RECORDS SUPPLIED section start

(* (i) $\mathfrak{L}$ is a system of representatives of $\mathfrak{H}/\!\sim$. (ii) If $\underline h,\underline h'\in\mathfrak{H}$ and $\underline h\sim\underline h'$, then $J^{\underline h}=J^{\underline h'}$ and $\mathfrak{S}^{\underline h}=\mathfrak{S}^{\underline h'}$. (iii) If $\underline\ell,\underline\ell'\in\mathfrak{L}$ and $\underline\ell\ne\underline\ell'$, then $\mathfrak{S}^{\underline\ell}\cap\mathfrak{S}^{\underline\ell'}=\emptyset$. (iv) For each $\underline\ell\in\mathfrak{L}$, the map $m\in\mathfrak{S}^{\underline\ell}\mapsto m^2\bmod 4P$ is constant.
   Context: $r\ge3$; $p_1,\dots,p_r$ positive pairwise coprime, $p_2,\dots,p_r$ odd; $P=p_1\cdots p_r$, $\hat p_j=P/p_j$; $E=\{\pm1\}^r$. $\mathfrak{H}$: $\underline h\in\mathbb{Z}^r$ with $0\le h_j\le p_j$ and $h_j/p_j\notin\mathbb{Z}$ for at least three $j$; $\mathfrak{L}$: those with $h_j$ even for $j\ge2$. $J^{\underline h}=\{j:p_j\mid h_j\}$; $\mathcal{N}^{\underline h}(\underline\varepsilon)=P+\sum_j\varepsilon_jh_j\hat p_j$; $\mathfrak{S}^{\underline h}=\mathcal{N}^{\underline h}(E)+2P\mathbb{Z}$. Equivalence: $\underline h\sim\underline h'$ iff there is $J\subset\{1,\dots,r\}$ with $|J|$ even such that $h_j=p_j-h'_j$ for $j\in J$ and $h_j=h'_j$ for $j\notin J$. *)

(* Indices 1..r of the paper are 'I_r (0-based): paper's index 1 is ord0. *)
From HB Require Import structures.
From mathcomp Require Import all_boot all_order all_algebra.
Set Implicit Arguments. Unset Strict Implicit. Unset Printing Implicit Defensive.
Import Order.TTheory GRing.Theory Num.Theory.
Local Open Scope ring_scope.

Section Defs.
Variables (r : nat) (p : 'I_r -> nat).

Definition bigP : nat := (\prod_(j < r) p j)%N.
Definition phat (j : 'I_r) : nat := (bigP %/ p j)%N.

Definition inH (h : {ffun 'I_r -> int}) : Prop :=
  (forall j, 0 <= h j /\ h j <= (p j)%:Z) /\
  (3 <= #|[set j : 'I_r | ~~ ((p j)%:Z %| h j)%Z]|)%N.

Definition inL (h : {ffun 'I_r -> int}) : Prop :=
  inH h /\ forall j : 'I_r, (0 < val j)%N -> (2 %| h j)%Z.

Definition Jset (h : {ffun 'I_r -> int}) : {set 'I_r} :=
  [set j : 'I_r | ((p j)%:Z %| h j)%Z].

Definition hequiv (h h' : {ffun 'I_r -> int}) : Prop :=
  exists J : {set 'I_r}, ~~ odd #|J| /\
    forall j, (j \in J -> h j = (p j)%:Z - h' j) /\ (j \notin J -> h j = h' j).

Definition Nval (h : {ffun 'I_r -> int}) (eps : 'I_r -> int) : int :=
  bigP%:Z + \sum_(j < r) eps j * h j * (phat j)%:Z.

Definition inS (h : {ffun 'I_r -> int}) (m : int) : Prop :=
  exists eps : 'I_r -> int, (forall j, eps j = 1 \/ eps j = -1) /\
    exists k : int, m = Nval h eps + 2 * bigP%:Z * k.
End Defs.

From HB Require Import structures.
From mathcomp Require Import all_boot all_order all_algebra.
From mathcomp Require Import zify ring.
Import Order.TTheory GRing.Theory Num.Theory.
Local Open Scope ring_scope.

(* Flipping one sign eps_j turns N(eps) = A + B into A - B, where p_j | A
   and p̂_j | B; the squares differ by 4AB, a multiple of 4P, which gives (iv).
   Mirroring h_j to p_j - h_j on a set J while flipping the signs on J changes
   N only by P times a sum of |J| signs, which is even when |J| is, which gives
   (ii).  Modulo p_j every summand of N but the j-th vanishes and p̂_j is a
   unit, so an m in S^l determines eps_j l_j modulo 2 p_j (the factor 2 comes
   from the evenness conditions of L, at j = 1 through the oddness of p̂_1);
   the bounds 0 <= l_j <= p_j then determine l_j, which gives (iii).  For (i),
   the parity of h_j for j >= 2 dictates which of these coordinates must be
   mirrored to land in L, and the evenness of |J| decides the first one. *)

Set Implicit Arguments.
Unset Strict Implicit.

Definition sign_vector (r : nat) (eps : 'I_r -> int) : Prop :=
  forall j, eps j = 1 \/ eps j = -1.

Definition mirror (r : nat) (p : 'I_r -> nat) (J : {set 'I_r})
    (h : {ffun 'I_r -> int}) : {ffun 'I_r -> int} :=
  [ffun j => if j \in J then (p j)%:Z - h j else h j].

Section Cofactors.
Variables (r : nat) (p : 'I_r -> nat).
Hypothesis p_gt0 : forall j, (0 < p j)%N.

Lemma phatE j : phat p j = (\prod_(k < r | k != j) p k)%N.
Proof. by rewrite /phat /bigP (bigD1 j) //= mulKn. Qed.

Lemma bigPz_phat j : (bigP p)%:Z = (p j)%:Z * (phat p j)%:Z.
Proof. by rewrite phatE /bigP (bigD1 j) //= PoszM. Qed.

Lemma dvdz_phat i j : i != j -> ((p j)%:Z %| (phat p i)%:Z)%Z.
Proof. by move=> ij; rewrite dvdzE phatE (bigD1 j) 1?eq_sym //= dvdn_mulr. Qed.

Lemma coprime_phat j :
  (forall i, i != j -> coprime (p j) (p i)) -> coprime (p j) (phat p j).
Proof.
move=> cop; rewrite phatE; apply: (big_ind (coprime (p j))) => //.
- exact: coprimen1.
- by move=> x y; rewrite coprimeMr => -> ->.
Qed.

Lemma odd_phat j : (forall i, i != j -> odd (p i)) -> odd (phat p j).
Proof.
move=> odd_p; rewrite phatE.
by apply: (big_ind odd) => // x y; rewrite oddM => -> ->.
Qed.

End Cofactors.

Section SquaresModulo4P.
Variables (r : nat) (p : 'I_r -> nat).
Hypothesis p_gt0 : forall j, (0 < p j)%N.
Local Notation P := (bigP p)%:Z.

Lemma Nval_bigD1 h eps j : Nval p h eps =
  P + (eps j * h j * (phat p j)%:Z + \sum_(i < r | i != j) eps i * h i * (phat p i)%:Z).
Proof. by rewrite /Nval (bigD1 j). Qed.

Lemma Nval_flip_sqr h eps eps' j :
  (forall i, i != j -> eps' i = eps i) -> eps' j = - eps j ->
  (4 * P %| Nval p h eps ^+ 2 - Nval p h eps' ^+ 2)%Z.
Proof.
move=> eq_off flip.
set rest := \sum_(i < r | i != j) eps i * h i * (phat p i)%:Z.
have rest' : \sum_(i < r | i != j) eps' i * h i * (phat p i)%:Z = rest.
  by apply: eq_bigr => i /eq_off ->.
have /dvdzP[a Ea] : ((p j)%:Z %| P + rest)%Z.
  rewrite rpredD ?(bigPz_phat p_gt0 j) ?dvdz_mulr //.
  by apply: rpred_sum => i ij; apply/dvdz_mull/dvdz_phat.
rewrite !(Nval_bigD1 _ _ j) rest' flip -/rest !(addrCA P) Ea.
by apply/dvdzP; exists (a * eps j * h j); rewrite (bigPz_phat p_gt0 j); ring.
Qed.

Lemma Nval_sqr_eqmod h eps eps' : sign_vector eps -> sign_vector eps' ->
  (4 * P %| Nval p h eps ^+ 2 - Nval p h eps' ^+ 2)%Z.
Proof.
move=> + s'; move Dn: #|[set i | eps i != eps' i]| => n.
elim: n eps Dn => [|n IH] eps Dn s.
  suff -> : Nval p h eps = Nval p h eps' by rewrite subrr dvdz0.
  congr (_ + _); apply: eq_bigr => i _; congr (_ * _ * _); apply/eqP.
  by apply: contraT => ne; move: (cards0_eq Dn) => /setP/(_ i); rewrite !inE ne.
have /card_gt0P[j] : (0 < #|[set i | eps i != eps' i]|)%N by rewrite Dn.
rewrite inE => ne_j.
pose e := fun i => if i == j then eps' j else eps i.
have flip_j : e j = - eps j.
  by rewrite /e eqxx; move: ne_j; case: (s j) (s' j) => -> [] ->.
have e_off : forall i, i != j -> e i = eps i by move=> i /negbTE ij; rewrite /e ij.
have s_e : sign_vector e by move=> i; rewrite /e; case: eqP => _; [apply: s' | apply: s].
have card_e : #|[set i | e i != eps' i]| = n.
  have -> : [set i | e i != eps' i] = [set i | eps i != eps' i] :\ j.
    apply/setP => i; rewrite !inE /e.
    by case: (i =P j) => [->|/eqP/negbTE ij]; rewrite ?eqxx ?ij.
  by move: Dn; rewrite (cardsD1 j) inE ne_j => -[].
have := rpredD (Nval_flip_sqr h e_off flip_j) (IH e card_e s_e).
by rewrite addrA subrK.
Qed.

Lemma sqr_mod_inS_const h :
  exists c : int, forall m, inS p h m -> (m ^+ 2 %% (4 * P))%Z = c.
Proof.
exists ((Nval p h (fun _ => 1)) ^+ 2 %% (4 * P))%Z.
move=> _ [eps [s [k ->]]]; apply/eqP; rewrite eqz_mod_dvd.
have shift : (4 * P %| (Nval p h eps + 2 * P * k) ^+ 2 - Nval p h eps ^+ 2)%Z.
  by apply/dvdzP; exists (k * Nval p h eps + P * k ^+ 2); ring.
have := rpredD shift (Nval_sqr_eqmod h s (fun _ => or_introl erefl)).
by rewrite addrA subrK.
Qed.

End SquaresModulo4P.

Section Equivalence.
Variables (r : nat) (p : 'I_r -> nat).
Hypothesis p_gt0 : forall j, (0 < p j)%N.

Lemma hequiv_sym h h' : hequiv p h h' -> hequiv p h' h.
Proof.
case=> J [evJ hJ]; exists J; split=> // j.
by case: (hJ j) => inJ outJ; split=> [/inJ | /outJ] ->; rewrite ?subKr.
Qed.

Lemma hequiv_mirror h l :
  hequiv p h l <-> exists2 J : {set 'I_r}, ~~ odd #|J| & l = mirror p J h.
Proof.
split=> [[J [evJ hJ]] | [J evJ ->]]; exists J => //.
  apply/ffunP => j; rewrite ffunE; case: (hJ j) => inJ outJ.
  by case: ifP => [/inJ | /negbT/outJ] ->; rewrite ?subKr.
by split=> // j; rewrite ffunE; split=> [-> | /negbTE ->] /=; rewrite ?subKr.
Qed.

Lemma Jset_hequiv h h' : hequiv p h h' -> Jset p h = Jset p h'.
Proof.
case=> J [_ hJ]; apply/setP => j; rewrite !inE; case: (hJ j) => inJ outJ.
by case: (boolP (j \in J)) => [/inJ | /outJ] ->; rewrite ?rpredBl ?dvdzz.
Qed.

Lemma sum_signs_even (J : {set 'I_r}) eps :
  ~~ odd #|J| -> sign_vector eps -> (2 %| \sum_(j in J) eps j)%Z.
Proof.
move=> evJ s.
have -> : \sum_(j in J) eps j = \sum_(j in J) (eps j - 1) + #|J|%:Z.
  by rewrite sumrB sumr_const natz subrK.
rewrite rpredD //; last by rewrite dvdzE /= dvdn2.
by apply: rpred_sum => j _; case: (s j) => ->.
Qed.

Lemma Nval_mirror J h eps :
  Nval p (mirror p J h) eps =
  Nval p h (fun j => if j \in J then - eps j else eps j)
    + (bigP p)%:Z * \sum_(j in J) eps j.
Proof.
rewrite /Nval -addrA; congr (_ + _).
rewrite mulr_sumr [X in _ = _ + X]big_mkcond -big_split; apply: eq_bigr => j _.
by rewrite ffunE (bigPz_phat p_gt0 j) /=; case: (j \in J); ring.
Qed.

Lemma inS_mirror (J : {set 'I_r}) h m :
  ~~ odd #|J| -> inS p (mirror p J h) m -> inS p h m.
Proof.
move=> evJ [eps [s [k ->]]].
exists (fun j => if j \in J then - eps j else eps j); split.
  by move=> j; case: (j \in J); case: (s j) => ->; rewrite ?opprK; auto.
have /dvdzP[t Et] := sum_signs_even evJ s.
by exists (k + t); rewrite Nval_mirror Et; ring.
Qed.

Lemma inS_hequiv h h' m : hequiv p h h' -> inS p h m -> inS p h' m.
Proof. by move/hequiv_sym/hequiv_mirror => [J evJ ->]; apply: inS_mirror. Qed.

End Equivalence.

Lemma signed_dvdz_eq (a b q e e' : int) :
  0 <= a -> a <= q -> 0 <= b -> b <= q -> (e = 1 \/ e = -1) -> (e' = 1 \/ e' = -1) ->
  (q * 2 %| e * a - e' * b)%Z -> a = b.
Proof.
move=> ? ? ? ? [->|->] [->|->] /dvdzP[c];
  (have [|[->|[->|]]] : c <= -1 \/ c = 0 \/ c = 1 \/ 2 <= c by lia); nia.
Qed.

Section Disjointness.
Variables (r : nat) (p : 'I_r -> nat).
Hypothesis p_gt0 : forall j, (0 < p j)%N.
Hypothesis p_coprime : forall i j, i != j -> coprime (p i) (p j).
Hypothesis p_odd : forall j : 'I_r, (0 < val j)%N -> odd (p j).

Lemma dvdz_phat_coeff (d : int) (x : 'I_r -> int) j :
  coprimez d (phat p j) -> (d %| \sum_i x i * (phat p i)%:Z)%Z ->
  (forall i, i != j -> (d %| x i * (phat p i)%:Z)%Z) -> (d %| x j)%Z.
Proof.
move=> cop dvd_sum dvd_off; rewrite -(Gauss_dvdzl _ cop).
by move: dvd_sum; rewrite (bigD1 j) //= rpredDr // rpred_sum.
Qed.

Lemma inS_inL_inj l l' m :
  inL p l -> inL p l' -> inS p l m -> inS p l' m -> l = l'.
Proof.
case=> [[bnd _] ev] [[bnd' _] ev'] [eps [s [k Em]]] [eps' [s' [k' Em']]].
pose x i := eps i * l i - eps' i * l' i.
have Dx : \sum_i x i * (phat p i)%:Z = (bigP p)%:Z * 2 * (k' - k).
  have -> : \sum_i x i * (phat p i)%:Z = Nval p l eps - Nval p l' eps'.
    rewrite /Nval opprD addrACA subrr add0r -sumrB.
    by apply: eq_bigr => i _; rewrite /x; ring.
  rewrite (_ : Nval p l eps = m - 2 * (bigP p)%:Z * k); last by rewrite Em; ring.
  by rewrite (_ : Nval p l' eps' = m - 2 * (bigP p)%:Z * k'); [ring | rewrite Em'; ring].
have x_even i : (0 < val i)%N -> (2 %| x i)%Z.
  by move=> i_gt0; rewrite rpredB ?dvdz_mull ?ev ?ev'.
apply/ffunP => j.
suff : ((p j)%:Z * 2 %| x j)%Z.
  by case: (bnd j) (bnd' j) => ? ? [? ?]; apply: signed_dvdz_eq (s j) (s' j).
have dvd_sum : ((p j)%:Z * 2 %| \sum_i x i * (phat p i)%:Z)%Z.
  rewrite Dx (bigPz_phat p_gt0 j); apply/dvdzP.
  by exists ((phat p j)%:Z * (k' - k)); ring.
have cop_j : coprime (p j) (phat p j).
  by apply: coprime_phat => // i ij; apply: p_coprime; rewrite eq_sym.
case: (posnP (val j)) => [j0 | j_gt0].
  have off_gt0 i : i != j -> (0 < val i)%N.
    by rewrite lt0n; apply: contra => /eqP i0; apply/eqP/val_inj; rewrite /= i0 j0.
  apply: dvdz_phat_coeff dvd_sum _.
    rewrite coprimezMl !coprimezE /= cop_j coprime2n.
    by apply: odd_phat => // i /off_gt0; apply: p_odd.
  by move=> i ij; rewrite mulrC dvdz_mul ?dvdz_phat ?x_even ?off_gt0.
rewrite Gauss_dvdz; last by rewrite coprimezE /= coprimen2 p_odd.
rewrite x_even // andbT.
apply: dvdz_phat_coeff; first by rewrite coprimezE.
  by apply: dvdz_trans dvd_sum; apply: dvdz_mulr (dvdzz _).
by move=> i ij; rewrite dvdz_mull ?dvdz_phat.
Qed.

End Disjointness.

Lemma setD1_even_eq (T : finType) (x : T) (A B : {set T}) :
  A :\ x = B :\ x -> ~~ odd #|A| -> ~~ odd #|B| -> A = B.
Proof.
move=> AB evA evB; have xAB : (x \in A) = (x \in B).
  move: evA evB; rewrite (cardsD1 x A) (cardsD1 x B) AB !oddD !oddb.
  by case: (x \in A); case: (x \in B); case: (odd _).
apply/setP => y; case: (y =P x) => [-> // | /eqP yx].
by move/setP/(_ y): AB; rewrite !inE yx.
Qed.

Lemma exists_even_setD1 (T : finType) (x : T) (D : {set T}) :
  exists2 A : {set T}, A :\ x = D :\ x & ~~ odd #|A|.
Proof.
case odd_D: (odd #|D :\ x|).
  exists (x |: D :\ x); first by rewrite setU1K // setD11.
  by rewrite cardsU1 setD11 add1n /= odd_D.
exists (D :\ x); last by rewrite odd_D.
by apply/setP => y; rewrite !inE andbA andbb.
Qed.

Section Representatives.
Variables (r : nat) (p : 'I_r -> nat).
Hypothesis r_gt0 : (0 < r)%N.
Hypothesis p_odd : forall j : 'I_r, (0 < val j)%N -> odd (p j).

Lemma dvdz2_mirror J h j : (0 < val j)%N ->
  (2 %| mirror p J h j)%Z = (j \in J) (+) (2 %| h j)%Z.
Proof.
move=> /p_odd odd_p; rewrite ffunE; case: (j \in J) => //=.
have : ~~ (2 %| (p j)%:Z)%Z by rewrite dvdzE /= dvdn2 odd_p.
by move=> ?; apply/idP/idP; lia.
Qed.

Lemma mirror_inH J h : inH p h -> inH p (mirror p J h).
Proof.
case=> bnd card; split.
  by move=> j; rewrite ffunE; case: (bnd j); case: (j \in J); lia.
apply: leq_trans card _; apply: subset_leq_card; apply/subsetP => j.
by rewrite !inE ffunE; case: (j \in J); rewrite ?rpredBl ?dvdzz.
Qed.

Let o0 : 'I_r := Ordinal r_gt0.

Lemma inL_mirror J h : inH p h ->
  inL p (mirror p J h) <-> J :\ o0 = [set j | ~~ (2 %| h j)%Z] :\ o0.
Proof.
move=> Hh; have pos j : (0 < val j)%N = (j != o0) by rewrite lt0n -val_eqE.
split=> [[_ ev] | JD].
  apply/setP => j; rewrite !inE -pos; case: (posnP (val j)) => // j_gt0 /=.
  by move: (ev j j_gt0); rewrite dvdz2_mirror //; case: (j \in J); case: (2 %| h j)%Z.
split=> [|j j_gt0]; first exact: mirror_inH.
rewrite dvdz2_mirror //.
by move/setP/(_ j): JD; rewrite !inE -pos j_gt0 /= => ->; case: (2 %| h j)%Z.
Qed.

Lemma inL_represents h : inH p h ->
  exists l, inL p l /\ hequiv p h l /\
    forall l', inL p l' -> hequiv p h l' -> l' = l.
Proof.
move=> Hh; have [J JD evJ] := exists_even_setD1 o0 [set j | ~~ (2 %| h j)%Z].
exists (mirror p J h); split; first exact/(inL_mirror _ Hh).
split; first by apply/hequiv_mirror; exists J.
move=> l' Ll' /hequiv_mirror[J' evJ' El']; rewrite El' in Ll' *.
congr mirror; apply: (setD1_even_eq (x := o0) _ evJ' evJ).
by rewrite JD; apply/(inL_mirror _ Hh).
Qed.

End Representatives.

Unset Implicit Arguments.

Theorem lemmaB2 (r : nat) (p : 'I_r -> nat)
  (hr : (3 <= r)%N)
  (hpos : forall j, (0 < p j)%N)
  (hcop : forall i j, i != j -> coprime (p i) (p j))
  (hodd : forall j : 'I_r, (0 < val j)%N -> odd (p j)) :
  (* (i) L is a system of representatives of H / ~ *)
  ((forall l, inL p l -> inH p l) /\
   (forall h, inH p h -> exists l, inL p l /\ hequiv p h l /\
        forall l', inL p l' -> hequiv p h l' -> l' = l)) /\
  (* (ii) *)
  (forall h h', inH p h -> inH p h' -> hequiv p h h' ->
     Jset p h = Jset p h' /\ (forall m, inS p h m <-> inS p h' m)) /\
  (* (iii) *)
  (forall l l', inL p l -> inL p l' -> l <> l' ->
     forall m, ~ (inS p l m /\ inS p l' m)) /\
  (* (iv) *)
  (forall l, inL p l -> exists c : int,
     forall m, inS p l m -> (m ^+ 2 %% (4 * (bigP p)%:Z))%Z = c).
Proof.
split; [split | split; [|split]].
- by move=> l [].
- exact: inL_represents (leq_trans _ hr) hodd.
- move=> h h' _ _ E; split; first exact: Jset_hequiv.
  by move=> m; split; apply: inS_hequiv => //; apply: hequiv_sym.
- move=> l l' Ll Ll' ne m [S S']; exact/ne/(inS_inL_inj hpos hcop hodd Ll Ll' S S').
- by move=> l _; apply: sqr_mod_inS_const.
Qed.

RECORDS SUPPLIED section end

● WHAT YOU NEED TO DO
For this exercise, please output exactly the lines above starting at the line with "by move: (ev" and ending at the line with "(hcop : forall", ends included.

● THE ANSWER
  by move: (ev j j_gt0); rewrite dvdz2_mirror //; case: (j \in J); case: (2 %| h j)%Z.
split=> [|j j_gt0]; first exact: mirror_inH.
rewrite dvdz2_mirror //.
by move/setP/(_ j): JD; rewrite !inE -pos j_gt0 /= => ->; case: (2 %| h j)%Z.
Qed.

Lemma inL_represents h : inH p h ->
  exists l, inL p l /\ hequiv p h l /\
    forall l', inL p l' -> hequiv p h l' -> l' = l.
Proof.
move=> Hh; have [J JD evJ] := exists_even_setD1 o0 [set j | ~~ (2 %| h j)%Z].
exists (mirror p J h); split; first exact/(inL_mirror _ Hh).
split; first by apply/hequiv_mirror; exists J.
move=> l' Ll' /hequiv_mirror[J' evJ' El']; rewrite El' in Ll' *.
congr mirror; apply: (setD1_even_eq (x := o0) _ evJ' evJ).
by rewrite JD; apply/(inL_mirror _ Hh).
Qed.

End Representatives.

Unset Implicit Arguments.

Theorem lemmaB2 (r : nat) (p : 'I_r -> nat)
  (hr : (3 <= r)%N)
  (hpos : forall j, (0 < p j)%N)
  (hcop : forall i j, i != j -> coprime (p i) (p j))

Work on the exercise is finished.